RECORDED INFORMATION>
Lemma actX x : act Xp x = Lg x.
Proof. exact: (poly_actX Lg_endo). Qed.

Lemma actY x : act Yp x = Lgg x.
Proof. by rewrite (poly_actC Lg_endo) (poly_actX Lgg_endo). Qed.

Lemma actXp (q : P2) x : act (Xp * q) x = Lg (act q x).
Proof. by rewrite (poly_actM Lg_endo) actX. Qed.

Lemma actYp (q : P2) x : act (Yp * q) x = Lgg (act q x).
Proof. by rewrite (poly_actM Lg_endo) actY. Qed.

Lemma actCM c (p : P2) x : act (c%:P%:P * p) x = c *: act p x.
Proof. by rewrite (poly_actM Lg_endo) actC. Qed.

Lemma act_linl c (p q : P2) x : act (c%:P%:P * p + q) x = c *: act p x + act q x.
Proof. by rewrite (poly_actD Lg_endo) actCM. Qed.

Lemma actZr (p : P2) c x : act p (c *: x) = c *: act p x.
Proof. by rewrite -!actC (poly_actAC Lg_endo). Qed.

Lemma act_linr (p : P2) c x y : act p (c *: x + y) = c *: act p x + act p y.
Proof. by rewrite (poly_actDr Lg_endo) actZr. Qed.

Lemma actBr (p : P2) x y : act p (x - y) = act p x - act p y.
Proof. by rewrite (poly_actDr Lg_endo) -scaleN1r actZr scaleN1r. Qed.

Lemma Lg_act (q : P2) x : Lg (act q x) = act q (Lg x).
Proof. exact: (poly_actU Lg_endo). Qed.

Lemma act_Psi_rec (p0 p1 : P2) y :
  act ((Xp * p1) *+ 2 + Yp * p0 - (Xp * (Xp * p0)) *+ 2) y =
  Lg (act p1 y) + Lg (act p1 y) + Lgg (act p0 y) - Lg (Lg (act p0 y))
  - Lg (Lg (act p0 y)).
Proof.
rewrite (poly_actB Lg_endo) (poly_actD Lg_endo) !mulr2n !(poly_actD Lg_endo).
by rewrite !actXp actYp opprD addrA.
Qed.

(** * Left multiplication by an element p.g *)

Definition Phi (p : P2) : P2 := Psi (sq_subst p * 'X).
Definition Phi_spec (p : P2) := forall y, vd (act p g) y = act (Phi p) y.

Lemma Phi_spec_XX p : Phi_spec p -> Phi_spec (Xp * p) -> Phi_spec (Xp * (Xp * p)).
Proof.
move=> e0; rewrite /Phi_spec actXp => e1 y; rewrite !actXp vd_LgLg !e0 !e1 /Phi !sq_substM !sq_substX.
have -> : 'X * ('X * sq_subst p) * 'X = sq_subst p * 'X * 'X * 'X by ring.
rewrite Psi_rec act_Psi_rec.
have -> : 'X * sq_subst p * 'X = sq_subst p * 'X * 'X by ring.
by rewrite -!Lg_act; congr (_ - _ - _); rewrite addrC addrCA addrC.
Qed.

Lemma Phi_spec_Y p : Phi_spec p -> Phi_spec (Xp * p) -> Phi_spec (Yp * p).
Proof.
move=> e0; rewrite /Phi_spec actXp => e1 y; rewrite actYp vd_Lgg !e0 !e1 /Phi !sq_substM sq_substX sq_substY.
have -> : 'X ^+ 2 * sq_subst p * 'X = sq_subst p * 'X * 'X * 'X by ring.
rewrite Psi_rec act_Psi_rec.
have -> : 'X * sq_subst p * 'X = sq_subst p * 'X * 'X by ring.
by rewrite -!Lg_act; congr (_ - _ - _); rewrite addrAC.
Qed.

Lemma Phi_lin c p q : Phi (c%:P%:P * p + q) = c%:P%:P * Phi p + Phi q.
Proof. by rewrite /Phi sq_substD sq_substM sq_substC mulrDl -mulrA PsiD PsiCM. Qed.

Lemma Phi_spec_lin c p q : Phi_spec p -> Phi_spec q -> Phi_spec (c%:P%:P * p + q).
Proof. by move=> e0 e1 y; rewrite act_linl (bilin_linl hvd) e0 e1 Phi_lin act_linl. Qed.

Lemma Phi_spec1 : Phi_spec 1.
Proof.
move=> y; rewrite (poly_act1 Lg_endo) /Phi sq_subst1 mul1r.
by rewrite -['X]mul1r PsiMX Psi1 Chi1 mulr0 addr0 mulr1 actX.
Qed.

Lemma Phi_specX : Phi_spec Xp.
Proof.
move=> y; rewrite actX /Phi sq_substX.
rewrite PsiMX -[X in Psi X]mul1r -[X in Chi X]mul1r PsiMX ChiMX Psi1 Chi1.
rewrite !mulr0 !addr0 !mulr1.
have -> : Xp * Xp + Dp = Yp :> P2 by rewrite DpE addrC expr2 subrK.
by rewrite actY.
Qed.

Lemma Phi_spec_all p : Phi_spec p.
Proof.
suff [] : Phi_spec p /\ Phi_spec (Xp * p) by [].
pose G p := Phi_spec p /\ Phi_spec (Xp * p).
have GX q : G q -> G (Xp * q) by case=> e0 e1; split => //; apply: Phi_spec_XX.
have GY q : G q -> G (Yp * q).
  case=> e0 e1; split; first exact: Phi_spec_Y.
  have -> : Xp * (Yp * q) = Yp * (Xp * q) by ring.
  by apply: Phi_spec_Y => //; apply: Phi_spec_XX.
have Glin c q r : G q -> G r -> G (c%:P%:P * q + r).
  case=> e0 e1 [e2 e3]; split; first exact: Phi_spec_lin.
  by rewrite mulrDr mulrCA; apply: Phi_spec_lin.
have G1 : G 1 by split; [exact: Phi_spec1 | rewrite mulr1; exact: Phi_specX].
have G0 : G 0.
  rewrite /G /Phi_spec /Phi mulr0 /sq_subst rmorph0 horner0 mul0r Psi0.
  by split=> y; rewrite poly_act0 (bilin0l hvd) poly_act0.
have Gc c : G c%:P%:P by have := Glin c 1 0 G1 G0; rewrite mulr1 addr0.
have GYpoly (c : {poly K}) : G c%:P.
  elim/poly_ind: c => [|d k IH]; first by rewrite polyC0.
  have := Glin 1 _ _ (GY _ IH) (Gc k); rewrite polyC1 mul1r.
  by rewrite polyCD polyCM /Yp mulrC.
elim/poly_ind: p => [|q c IH]; first exact: G0.
have := Glin 1 _ _ (GX _ IH) (GYpoly c); rewrite polyC1 mul1r.
by rewrite /Xp mulrC.
Qed.

Lemma vd_act_g p y : vd (act p g) y = act (Phi p) y.
Proof. exact: Phi_spec_all. Qed.

Lemma act_g_onto v : exists p, act p g = v.
Proof.
move: v; apply: (@gen_g (fun w => exists p : P2, act p g = w)).
- by exists 0; rewrite poly_act0.
- by move=> c x y [p <-] [q <-]; exists (c%:P%:P * p + q); rewrite act_linl.
- by move=> x y [p <-] [q <-]; exists (Phi p * q); rewrite vd_act_g (poly_actM Lg_endo).
- move=> x y [p <-] [q <-]; exists (Phi q * p).
  by rewrite dvE vd_act_g (poly_actM Lg_endo).
- by exists 1; rewrite (poly_act1 Lg_endo).
Qed.

Lemma act_g_ontoP v : exists p, act p g == v.
Proof. by case: (act_g_onto v) => p hp; exists p; apply/eqP. Qed.

Definition rep (v : V) : P2 := xchoose (act_g_ontoP v).

Lemma repP v : act (rep v) g = v.
Proof. exact/eqP/(xchooseP (act_g_ontoP v)). Qed.

(** * The associative dialgebra N *)

(* A pair (a, D c) stands for a + c sqrt D; [UN] and [VN] are multiplication
   by X + sqrt D and X - sqrt D. *)
Local Notation Dop := (act Dp).

Definition inN (n : V * V) : bool :=
  if excluded_middle_informative (exists y, n.2 = Dop y) then true else false.

Lemma inNP n : reflect (exists y, n.2 = Dop y) (inN n).
Proof. by rewrite /inN; case: excluded_middle_informative => h; constructor. Qed.

Lemma inN_submod_closed : GRing.submod_closed inN.
Proof.
split; first by apply/inNP; exists 0; rewrite (poly_act0r Lg_endo).
move=> c u w /inNP [y1 e1] /inNP [y2 e2]; apply/inNP; exists (c *: y1 + y2).
by rewrite act_linr /= -e1 -e2.
Qed.

HB.instance Definition _ :=
  GRing.isSubmodClosed.Build K (V * V)%type inN inN_submod_closed.
Definition N := {n : V * V | inN n}.
HB.instance Definition _ := [isSub of N for sval].
HB.instance Definition _ := [Choice of N by <:].
HB.instance Definition _ := [SubChoice_isSubLmodule of N by <:].

Lemma valN_lin c (n m : N) : val (c *: n + m) = c *: val n + val m. Proof. by []. Qed.
Lemma valND (n m : N) : val (n + m) = val n + val m. Proof. by []. Qed.
Lemma valNZ c (n : N) : val (c *: n) = c *: val n. Proof. by []. Qed.

Definition Umap (n : V * V) : V * V := (Lg n.1 + n.2, Dop n.1 + Lg n.2).
Definition Vmap (n : V * V) : V * V := (Lg n.1 - n.2, Lg n.2 - Dop n.1).

Lemma Umap_inN n : inN n -> inN (Umap n).
Proof.
case/inNP=> y ey; apply/inNP; exists (n.1 + Lg y).
by rewrite /Umap /= ey (poly_actDr Lg_endo) Lg_act.
Qed.

Lemma Vmap_inN n : inN n -> inN (Vmap n).
Proof.
case/inNP=> y ey; apply/inNP; exists (Lg y - n.1).
by rewrite /Vmap /= ey actBr Lg_act.
Qed.

Definition UN (n : N) : N := Sub (Umap (val n)) (Umap_inN (valP n)).
Definition VN (n : N) : N := Sub (Vmap (val n)) (Vmap_inN (valP n)).

Lemma val_UN n : val (UN n) = Umap (val n). Proof. by rewrite SubK. Qed.
Lemma val_VN n : val (VN n) = Vmap (val n). Proof. by rewrite SubK. Qed.

Lemma UN_lin c x y : UN (c *: x + y) = c *: UN x + UN y.
Proof.
apply: val_inj; rewrite !val_UN !valN_lin !val_UN /Umap.
case: (val x) (val y) => [a1 b1] [a2 b2]; apply: injective_projections => /=.
  by rewrite Lg_lin scalerDr addrACA.
by rewrite act_linr Lg_lin scalerDr addrACA.
Qed.

Lemma VN_lin c x y : VN (c *: x + y) = c *: VN x + VN y.
Proof.
apply: val_inj; rewrite !val_VN !valN_lin !val_VN /Vmap.
case: (val x) (val y) => [a1 b1] [a2 b2]; apply: injective_projections => /=.
  by rewrite Lg_lin scalerDr scalerN opprD addrACA.
by rewrite act_linr Lg_lin scalerDr scalerN opprD addrACA.
Qed.

Lemma UN_VN n : UN (VN n) = VN (UN n).
Proof.
apply: val_inj; rewrite val_UN !val_VN val_UN /Umap /Vmap.
case: (val n) => a b; apply: injective_projections => /=.
  by rewrite !LgD LgN addrA subrK opprD addrA addrAC addrK.
rewrite actBr (poly_actDr Lg_endo) !LgD LgN Lg_act.
by rewrite opprD (AC (2*2) ((1*3)*(4*2))).
Qed.

Let UN_endo : linear_endo (fun c (x : N) => c *: x) UN := linear_endo_scale UN_lin.
Let VN_endo : linear_endo (fun c (x : N) => c *: x) VN := linear_endo_scale VN_lin.
Local Notation actU := (poly_act (fun c (x : N) => c *: x) UN).
Local Notation actV := (poly_act (fun c (x : N) => c *: x) VN).

Lemma val_actU F n : val (actU F n) =
  (act (Psi F) (val n).1 + act (Chi F) (val n).2,
   act (Psi F) (val n).2 + act (Dp * Chi F) (val n).1).
Proof.
elim/poly_ind: F => [|F c IH]; first by rewrite poly_act0 Psi0 Chi0 mulr0 !poly_act0 addr0.
rewrite (poly_actD UN_endo) (poly_actMX UN_endo) (poly_actC UN_endo).
rewrite valND valNZ val_UN IH /Umap.
rewrite PsiD PsiMX PsiC ChiD ChiMX ChiC addr0.
case: (val n) => a b; apply: injective_projections => /=.
  rewrite !(poly_actD Lg_endo) !actXp actC LgD.
  by rewrite (AC (2*2*1) ((1*4*5)*(3*2))).
have e : Lg (act (Dp * Chi F) a) = act (Dp * (Xp * Chi F)) a.
  by rewrite -actXp mulrCA.
rewrite !(poly_actD Lg_endo) actXp actC (poly_actDr Lg_endo) LgD mulrDr e.
rewrite -!(poly_actM Lg_endo) (poly_actD Lg_endo).
by rewrite (AC (2*2*1) ((3*2*5)*(1*4))).
Qed.

Lemma val_actV F n : val (actV F n) =
  (act (Psi F) (val n).1 - act (Chi F) (val n).2,
   act (Psi F) (val n).2 - act (Dp * Chi F) (val n).1).
Proof.
elim/poly_ind: F => [|F c IH]; first by rewrite poly_act0 Psi0 Chi0 mulr0 !poly_act0 subr0.
rewrite (poly_actD VN_endo) (poly_actMX VN_endo) (poly_actC VN_endo).
rewrite valND valNZ val_VN IH /Vmap.
rewrite PsiD PsiMX PsiC ChiD ChiMX ChiC addr0.
case: (val n) => a b; apply: injective_projections => /=.
  rewrite !(poly_actD Lg_endo) !actXp actC LgD LgN.
  by rewrite opprB opprD (AC (2*2*1) ((1*3*5)*(4*2))).
have e : Lg (act (Dp * Chi F) a) = act (Dp * (Xp * Chi F)) a.
  by rewrite -actXp mulrCA.
rewrite !(poly_actD Lg_endo) actXp actC actBr LgD LgN mulrDr e.
rewrite -!(poly_actM Lg_endo) (poly_actD Lg_endo).
by rewrite opprB opprD (AC (2*2*1) ((1*3*5)*(4*2))).
Qed.

(* This makes the products of N independent of the choice of [rep]. *)
Lemma Phi_vanish p : act p g = 0 -> forall z,
  act (Phi p) z = 0 /\ act (Dp * Chi (sq_subst p * 'X)) z = 0.
Proof.
move=> hp z; have e0 w : act (Phi p) w = 0 by rewrite -vd_act_g hp (bilin0l hvd).
split; first exact: e0.
have -> : Dp * Chi (sq_subst p * 'X) = Phi (Xp * p) - Xp * Phi p.
  rewrite /Phi sq_substM sq_substX.
  have -> : 'X * sq_subst p * 'X = sq_subst p * 'X * 'X by ring.
  by rewrite PsiMX addrC addKr.
rewrite (poly_actB Lg_endo) -vd_act_g actXp hp Lg0 (bilin0l hvd).
by rewrite actXp e0 Lg0 subrr.
Qed.

Lemma actU_vanish p : act p g = 0 -> forall n, actU (sq_subst p * 'X) n = 0.
Proof.
move=> hp n; apply: val_inj; rewrite val_actU; case/inNP: (valP n) => y ->.
rewrite -(poly_actM Lg_endo) [Chi _ * Dp]mulrC.
by rewrite !(proj1 (Phi_vanish hp _)) !(proj2 (Phi_vanish hp _)) !addr0.
Qed.

Lemma actV_vanish p : act p g = 0 -> forall n, actV (sq_subst p * 'X) n = 0.
Proof.
move=> hp n; apply: val_inj; rewrite val_actV; case/inNP: (valP n) => y ->.
rewrite -(poly_actM Lg_endo) [Chi _ * Dp]mulrC.
by rewrite !(proj1 (Phi_vanish hp _)) !(proj2 (Phi_vanish hp _)) !subr0.
Qed.

Definition polyN (n : N) : {poly K} := sq_subst (rep (val n).1) * 'X.
Definition lmulN (n m : N) : N := actU (polyN n) m.
Definition rmulN (n m : N) : N := actV (polyN n) m.

Lemma lmulNE p n : act p g = (val n).1 -> forall m, lmulN n m = actU (sq_subst p * 'X) m.
Proof.
move=> hp m; have h0 : act (p - rep (val n).1) g = 0.
  by rewrite (poly_actB Lg_endo) repP hp subrr.
apply/eqP; rewrite eq_sym -subr_eq0 -(poly_actB UN_endo) -mulrBl -sq_substB.
by rewrite (actU_vanish h0).
Qed.

Lemma rmulNE p n : act p g = (val n).1 -> forall m, rmulN n m = actV (sq_subst p * 'X) m.
Proof.
move=> hp m; have h0 : act (p - rep (val n).1) g = 0.
  by rewrite (poly_actB Lg_endo) repP hp subrr.
apply/eqP; rewrite eq_sym -subr_eq0 -(poly_actB VN_endo) -mulrBl -sq_substB.
by rewrite (actV_vanish h0).
Qed.

Lemma lmulN_linl c n n' m : lmulN (c *: n + n') m = c *: lmulN n m + lmulN n' m.
Proof.
rewrite (@lmulNE (c%:P%:P * rep (val n).1 + rep (val n').1)); last first.
  by rewrite act_linl !repP.
by rewrite sq_substD sq_substM sq_substC mulrDl -mulrA (poly_actD UN_endo) (poly_actCM UN_endo).
Qed.

Lemma rmulN_linl c n n' m : rmulN (c *: n + n') m = c *: rmulN n m + rmulN n' m.
Proof.
rewrite (@rmulNE (c%:P%:P * rep (val n).1 + rep (val n').1)); last first.
  by rewrite act_linl !repP.
by rewrite sq_substD sq_substM sq_substC mulrDl -mulrA (poly_actD VN_endo) (poly_actCM VN_endo).
Qed.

WORK TO COMPLETE>
Look through the material above and pick out each line holding the word "opprB".

EXERCISE RESPONSE>
  by rewrite opprB opprD (AC (2*2*1) ((1*3*5)*(4*2))).
by rewrite opprB opprD (AC (2*2*1) ((1*3*5)*(4*2))).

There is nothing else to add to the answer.